By THE NATION
The return to pre-Covid levels of economic activity could take more than two years on the back of improving business sentiment as the economy reopens, the bank assessed, adding the government has been disbursing cash handouts to pandemic-affected households since April.
Standard Chartered forecast Thailand’s 2020 GDP to contract by 5 per cent, with a sharp contraction of 13 per cent in the second quarter, followed by a gradual recovery in the second half of the year.
“The export sector is showing signs of recovery and should benefit from China’s resumption of activity and the easing of lockdowns in other markets. Data released in June is likely to confirm a domestic demand recovery after Thailand’s reopening in May. However, we expect the pace of recovery to be slow,” said Tim Leelahaphan, economist at Standard Chartered Bank (Thai).
“Investment is unlikely to recover until next year or later as Covid-19 is likely to exacerbate existing delays in private and government investment and initiatives, keeping the economy below potential.”
Thailand’s first quarter gross domestic product contracted by 1.8 per cent on year (2.2 per cent contraction on quarter, seasonally adjusted) versus the consensus of a 3.9 per cent contraction on year (4.2 per cent contraction on quarter). This was the first year-on-year contraction since early 2014.

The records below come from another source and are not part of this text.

Lemma gcomp_tail2 (x y z w : gobj G) (a : garr y z) (b : garr x y) (c : garr x z) :
  a ⊙ b = c -> forall p : garr z w, p ⊙ a ⊙ b = p ⊙ c.
Proof. intros E p. rewrite <- gcompA, E. reflexivity. Qed.

Lemma gcomp_tail3 (x y z u w : gobj G) (a : garr z u) (a' : garr y z)
    (b : garr x y) (c : garr x u) :
  a ⊙ a' ⊙ b = c -> forall p : garr u w, p ⊙ a ⊙ a' ⊙ b = p ⊙ c.
Proof. intros E p. rewrite <- !gcompA, <- E, !gcompA. reflexivity. Qed.

Lemma gcomp_tail4 (x y z u v w : gobj G) (a0 : garr u v) (a : garr z u)
    (a' : garr y z) (b : garr x y) (c : garr x v) :
  a0 ⊙ a ⊙ a' ⊙ b = c -> forall p : garr v w, p ⊙ a0 ⊙ a ⊙ a' ⊙ b = p ⊙ c.
Proof. intros E p. rewrite <- !gcompA, <- E, !gcompA. reflexivity. Qed.

End GroupoidLemmas.

Section Equivalence.
Variables (G H : Groupoid) (F1 : gobj G -> gobj H).
Variable F2 : forall a b : gobj G, garr a b -> garr (F1 a) (F1 b).
Hypothesis equivF : IsEquivOfCats F1 F2.

Lemma equiv_faithful (a a' : gobj G) (t t' : garr a a') : F2 t = F2 t' -> t = t'.
Proof.
  destruct equivF as [P1 [P2 [_ [_ [eta [eps [eta_nat _]]]]]]].
  intro E. apply (gcomp_cancel_l (e := eta a')).
  rewrite (eta_nat _ _ t), (eta_nat _ _ t'), E. reflexivity.
Qed.

Lemma equiv_full (a a' : gobj G) (β : garr (F1 a) (F1 a')) : exists t, F2 t = β.
Proof.
  destruct equivF as [P1 [P2 [_ [_ [eta [eps [eta_nat eps_nat]]]]]]].
  set (t := ginv (eta a') ⊙ (P2 _ _ β ⊙ eta a)).
  exists t.
  assert (P2t : P2 _ _ (F2 t) = P2 _ _ β).
  { apply (gcomp_cancel_r (e := eta a)). rewrite <- eta_nat.
    unfold t. rewrite gcompA, gcompVr, gcomp1l. reflexivity. }
  apply (gcomp_cancel_r (e := eps (F1 a))).
  rewrite <- !eps_nat, P2t. reflexivity.
Qed.

Lemma equiv_ess_surj (b : gobj H) : exists a, inhabited (garr b (F1 a)).
Proof.
  destruct equivF as [P1 [_ [_ [_ [_ [eps _]]]]]].
  exists (P1 b). exact (inhabits (ginv (eps b))).
Qed.

End Equivalence.

Definition LocallyFaithful (X Y : Bigroupoid) (F : MorData X Y) : Prop :=
  forall (a a' : bob X) (f g : gobj (bhom a a')) (t t' : garr f g),
    m2 F t = m2 F t' -> t = t'.

Section TrivialFibration.
Variables (B C : Bigroupoid) (G : MorData B C).
Hypothesis TF : IsTrivialFibration G.

Lemma tf_surj0 (c : bob C) : exists b, m0 G b = c.
Proof.
  destruct TF as [[lift0 _] [ess_surj _]].
  destruct (ess_surj c) as [b' [g]].
  destruct (lift0 b' c g) as [b [f E]].
  exists b. exact (f_equal (@projT1 _ _) E).
Qed.

Lemma tf_faithful : LocallyFaithful G.
Proof.
  destruct TF as [_ [_ local_equiv]].
  intros b b'. exact (equiv_faithful (local_equiv b b')).
Qed.

Lemma tf_full (b b' : bob B) (f g : gobj (bhom b b')) (β : garr (m1 G f) (m1 G g)) :
  exists t, m2 G t = β.
Proof.
  destruct TF as [_ [_ local_equiv]].
  exact (equiv_full (local_equiv b b') β).
Qed.

Lemma tf_surj1 (b b' : bob B) (u : gobj (bhom (m0 G b) (m0 G b'))) :
  exists f : gobj (bhom b b'), m1 G f = u.
Proof.
  destruct TF as [[_ lift1] [_ local_equiv]].
  destruct (equiv_ess_surj (local_equiv b b') u) as [f' [β]].
  destruct (lift1 b b' f' u β) as [f [α E]].
  exists f. exact (f_equal (@projT1 _ _) E).
Qed.

End TrivialFibration.

Lemma extend_along_injection (X Y : Type) (k : X -> Y) (P : Y -> Type)
    (Q : forall y, P y -> Prop) (f : forall x, P (k x)) :
  (forall x x', k x = k x' -> x = x') ->
  (forall x, Q (k x) (f x)) -> (forall y, exists p, Q y p) ->
  exists l : forall y, P y, (forall x, l (k x) = f x) /\ (forall y, Q y (l y)).
Proof.
  intros k_inj Qf Q_total.
  assert (ext : forall y, {p : P y | (forall x (e : k x = y), p = eq_rect _ P (f x) _ e) /\ Q y p}).
  { intro y. apply constructive_indefinite_description.
    destruct (classic (exists x, k x = y)) as [[x0 e0] | not_image].
    - exists (eq_rect _ P (f x0) _ e0). split.
      + intros x e. assert (x = x0) by (apply k_inj; congruence). subst x.
        rewrite (proof_irrelevance _ e e0). reflexivity.
      + destruct e0. apply Qf.
    - destruct (Q_total y) as [p Qp]. exists p.
      split; [intros x e; exfalso; eauto | exact Qp]. }
  exists (fun y => proj1_sig (ext y)). split.
  - intro x. exact (proj1 (proj2_sig (ext (k x))) x eq_refl).
  - intro y. exact (proj2 (proj2_sig (ext y))).
Qed.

"We expect another 25bps rate cut in the third quarter, taking the policy rate to 0.25 per cent. We also do not rule out further policy rate cuts to below 0.25 per cent, however. Negative rates are unlikely but not off the table,” added Tim.
Standard Chartered said economic growth is far below Thailand’s potential rate of 4 per cent, and headline inflation is below the Bank of Thailand’s 1-3 per cent target range.